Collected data
=-=-=
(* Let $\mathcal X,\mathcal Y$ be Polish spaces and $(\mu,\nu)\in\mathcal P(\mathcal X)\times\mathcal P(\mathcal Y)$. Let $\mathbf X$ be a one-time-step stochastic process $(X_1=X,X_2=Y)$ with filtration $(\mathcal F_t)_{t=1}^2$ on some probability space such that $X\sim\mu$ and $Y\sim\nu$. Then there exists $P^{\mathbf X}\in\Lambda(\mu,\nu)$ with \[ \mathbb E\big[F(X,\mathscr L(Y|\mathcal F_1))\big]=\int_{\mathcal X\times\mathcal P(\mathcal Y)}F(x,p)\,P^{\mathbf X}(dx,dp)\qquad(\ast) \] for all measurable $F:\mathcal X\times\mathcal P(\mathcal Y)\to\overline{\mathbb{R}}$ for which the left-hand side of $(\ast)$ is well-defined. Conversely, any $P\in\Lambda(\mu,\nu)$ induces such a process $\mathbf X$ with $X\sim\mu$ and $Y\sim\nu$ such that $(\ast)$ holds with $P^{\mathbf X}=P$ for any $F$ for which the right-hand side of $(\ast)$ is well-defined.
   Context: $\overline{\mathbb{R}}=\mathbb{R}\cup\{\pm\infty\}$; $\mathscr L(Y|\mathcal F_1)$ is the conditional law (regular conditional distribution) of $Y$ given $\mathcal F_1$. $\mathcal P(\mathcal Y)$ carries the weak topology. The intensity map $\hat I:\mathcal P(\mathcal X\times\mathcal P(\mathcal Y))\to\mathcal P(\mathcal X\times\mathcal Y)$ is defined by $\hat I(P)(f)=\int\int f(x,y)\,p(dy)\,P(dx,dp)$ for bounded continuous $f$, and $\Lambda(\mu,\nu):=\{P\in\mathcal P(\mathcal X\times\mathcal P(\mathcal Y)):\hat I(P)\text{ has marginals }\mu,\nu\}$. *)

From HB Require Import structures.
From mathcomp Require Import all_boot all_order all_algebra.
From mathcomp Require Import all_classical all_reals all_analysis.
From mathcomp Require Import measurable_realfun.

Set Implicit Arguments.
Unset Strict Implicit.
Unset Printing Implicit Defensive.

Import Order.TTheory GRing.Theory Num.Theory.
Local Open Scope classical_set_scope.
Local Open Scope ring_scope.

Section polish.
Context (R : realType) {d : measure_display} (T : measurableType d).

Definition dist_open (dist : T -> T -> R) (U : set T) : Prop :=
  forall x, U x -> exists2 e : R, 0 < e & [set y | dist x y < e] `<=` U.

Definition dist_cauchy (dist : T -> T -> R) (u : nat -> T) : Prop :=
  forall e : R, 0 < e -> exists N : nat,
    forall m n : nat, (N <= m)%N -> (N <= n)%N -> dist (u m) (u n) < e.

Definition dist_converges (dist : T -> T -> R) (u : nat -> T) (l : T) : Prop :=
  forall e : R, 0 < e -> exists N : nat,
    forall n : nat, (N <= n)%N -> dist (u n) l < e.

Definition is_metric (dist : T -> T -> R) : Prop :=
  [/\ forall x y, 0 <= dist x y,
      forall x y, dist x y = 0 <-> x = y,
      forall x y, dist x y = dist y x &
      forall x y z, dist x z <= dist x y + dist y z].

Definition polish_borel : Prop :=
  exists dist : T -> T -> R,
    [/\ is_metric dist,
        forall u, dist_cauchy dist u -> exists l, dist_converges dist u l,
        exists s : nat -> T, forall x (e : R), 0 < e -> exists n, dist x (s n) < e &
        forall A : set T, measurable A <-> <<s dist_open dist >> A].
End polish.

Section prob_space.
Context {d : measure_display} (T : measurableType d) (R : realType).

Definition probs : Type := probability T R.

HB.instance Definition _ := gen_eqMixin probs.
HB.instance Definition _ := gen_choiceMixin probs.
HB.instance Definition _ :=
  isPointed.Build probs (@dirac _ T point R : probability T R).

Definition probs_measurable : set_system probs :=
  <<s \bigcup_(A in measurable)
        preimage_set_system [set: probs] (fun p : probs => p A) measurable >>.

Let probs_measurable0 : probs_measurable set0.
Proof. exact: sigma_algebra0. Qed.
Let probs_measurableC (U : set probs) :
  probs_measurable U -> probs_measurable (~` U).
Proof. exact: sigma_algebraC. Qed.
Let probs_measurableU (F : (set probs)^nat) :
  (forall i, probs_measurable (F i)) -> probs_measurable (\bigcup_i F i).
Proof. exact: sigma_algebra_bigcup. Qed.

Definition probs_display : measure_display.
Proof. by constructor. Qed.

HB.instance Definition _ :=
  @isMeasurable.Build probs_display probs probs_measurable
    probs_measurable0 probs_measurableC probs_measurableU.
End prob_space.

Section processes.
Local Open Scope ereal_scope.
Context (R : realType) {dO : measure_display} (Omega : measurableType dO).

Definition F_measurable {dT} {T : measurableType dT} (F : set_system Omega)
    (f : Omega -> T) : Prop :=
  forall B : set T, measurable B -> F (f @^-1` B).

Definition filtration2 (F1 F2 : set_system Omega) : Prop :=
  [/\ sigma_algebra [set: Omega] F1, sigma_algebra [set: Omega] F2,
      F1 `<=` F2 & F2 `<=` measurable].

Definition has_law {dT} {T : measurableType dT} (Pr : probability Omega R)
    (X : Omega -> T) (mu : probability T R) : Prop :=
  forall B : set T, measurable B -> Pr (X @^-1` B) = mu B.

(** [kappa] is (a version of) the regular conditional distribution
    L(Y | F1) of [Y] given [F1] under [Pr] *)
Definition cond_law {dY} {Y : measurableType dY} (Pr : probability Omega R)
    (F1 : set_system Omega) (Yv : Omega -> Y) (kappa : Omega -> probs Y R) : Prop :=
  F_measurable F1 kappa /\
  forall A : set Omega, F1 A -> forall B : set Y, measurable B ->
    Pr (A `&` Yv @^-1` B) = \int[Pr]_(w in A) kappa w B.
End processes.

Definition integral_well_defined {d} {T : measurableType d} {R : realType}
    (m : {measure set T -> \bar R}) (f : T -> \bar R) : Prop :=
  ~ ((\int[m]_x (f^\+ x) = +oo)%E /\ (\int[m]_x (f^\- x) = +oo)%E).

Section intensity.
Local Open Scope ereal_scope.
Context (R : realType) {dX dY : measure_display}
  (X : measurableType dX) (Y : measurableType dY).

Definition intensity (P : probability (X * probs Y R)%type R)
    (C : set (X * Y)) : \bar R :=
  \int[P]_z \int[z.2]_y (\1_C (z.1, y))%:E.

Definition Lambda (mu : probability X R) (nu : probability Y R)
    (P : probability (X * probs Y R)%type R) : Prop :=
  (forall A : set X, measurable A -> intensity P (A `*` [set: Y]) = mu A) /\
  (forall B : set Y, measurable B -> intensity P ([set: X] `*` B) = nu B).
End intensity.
=-=-=
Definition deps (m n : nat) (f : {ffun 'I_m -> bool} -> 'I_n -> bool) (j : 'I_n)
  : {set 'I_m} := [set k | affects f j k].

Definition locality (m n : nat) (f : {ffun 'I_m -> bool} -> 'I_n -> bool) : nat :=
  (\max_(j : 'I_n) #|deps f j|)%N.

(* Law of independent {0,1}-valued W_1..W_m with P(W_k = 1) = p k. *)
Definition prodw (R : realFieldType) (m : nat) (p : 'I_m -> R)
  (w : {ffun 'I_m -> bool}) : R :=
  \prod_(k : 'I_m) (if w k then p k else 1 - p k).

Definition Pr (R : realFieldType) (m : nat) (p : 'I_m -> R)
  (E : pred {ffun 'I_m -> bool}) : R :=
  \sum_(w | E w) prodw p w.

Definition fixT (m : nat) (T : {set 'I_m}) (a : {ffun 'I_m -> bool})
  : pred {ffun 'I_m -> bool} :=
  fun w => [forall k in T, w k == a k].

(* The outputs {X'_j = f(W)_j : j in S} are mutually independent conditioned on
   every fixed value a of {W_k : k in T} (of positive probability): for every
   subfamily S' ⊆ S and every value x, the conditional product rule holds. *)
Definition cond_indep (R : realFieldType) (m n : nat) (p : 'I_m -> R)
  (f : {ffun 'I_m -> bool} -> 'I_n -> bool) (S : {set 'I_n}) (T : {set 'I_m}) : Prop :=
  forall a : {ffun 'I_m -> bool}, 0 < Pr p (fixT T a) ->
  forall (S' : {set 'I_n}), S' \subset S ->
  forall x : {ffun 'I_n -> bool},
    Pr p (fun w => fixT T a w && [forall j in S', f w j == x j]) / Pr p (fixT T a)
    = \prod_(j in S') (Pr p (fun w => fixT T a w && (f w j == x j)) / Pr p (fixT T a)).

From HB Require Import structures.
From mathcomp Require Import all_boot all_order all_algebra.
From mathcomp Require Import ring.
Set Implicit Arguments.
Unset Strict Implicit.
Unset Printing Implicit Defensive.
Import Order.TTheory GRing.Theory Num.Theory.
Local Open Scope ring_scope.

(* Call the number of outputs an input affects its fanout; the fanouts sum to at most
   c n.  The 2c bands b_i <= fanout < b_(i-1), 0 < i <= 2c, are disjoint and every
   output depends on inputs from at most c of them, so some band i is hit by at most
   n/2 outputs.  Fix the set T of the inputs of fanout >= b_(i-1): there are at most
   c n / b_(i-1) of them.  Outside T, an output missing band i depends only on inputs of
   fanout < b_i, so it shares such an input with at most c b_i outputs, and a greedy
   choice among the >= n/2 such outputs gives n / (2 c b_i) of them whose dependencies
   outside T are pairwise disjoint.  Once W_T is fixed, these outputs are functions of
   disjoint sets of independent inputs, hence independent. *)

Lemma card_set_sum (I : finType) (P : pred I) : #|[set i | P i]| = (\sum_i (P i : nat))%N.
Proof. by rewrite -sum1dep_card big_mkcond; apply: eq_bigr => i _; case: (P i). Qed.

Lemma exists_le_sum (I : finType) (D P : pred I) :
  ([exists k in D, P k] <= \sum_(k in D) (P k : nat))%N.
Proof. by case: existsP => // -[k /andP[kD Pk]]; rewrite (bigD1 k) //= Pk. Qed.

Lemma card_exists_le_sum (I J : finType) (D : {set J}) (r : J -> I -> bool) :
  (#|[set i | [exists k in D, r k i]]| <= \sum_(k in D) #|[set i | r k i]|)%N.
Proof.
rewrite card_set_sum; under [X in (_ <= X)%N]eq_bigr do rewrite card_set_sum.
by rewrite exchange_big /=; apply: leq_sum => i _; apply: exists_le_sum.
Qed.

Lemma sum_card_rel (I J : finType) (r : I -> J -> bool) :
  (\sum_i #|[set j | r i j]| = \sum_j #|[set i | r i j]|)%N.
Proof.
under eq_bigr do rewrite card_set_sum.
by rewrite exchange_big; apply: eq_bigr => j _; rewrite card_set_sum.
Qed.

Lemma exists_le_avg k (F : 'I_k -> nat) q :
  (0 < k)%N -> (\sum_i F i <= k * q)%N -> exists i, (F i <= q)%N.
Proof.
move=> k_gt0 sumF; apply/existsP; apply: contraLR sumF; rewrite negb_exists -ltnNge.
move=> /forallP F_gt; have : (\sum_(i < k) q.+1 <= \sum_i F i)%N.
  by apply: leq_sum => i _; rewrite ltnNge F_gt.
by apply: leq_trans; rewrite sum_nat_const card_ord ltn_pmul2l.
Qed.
=-=-=
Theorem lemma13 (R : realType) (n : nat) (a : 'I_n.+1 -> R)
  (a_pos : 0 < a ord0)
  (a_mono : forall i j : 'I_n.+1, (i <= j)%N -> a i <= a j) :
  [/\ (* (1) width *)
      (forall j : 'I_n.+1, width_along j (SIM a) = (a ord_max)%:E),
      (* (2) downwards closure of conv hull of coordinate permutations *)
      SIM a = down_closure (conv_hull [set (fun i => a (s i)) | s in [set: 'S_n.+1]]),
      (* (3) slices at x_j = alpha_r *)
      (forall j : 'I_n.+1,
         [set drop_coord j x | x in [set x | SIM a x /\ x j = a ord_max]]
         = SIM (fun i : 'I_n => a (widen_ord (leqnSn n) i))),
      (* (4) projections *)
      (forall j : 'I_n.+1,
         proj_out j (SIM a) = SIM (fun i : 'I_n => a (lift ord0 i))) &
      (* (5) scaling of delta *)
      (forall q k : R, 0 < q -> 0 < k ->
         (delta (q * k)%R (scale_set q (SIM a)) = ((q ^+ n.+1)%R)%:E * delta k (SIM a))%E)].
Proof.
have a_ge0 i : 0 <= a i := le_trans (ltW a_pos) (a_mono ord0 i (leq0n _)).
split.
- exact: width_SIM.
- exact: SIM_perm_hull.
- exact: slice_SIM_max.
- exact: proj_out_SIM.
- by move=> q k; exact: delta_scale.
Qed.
=-=-=
* _WHAT NEEDS TO BE DONE_:
From the entries above, print the lines beginning at the one with "Definition polish_borel : Prop" and stopping after the one with "exists s : nat", exactly as written and with nothing else.

* _SOLVED EXERCISE_:
Definition polish_borel : Prop :=
  exists dist : T -> T -> R,
    [/\ is_metric dist,
        forall u, dist_cauchy dist u -> exists l, dist_converges dist u l,
        exists s : nat -> T, forall x (e : R), 0 < e -> exists n, dist x (s n) < e &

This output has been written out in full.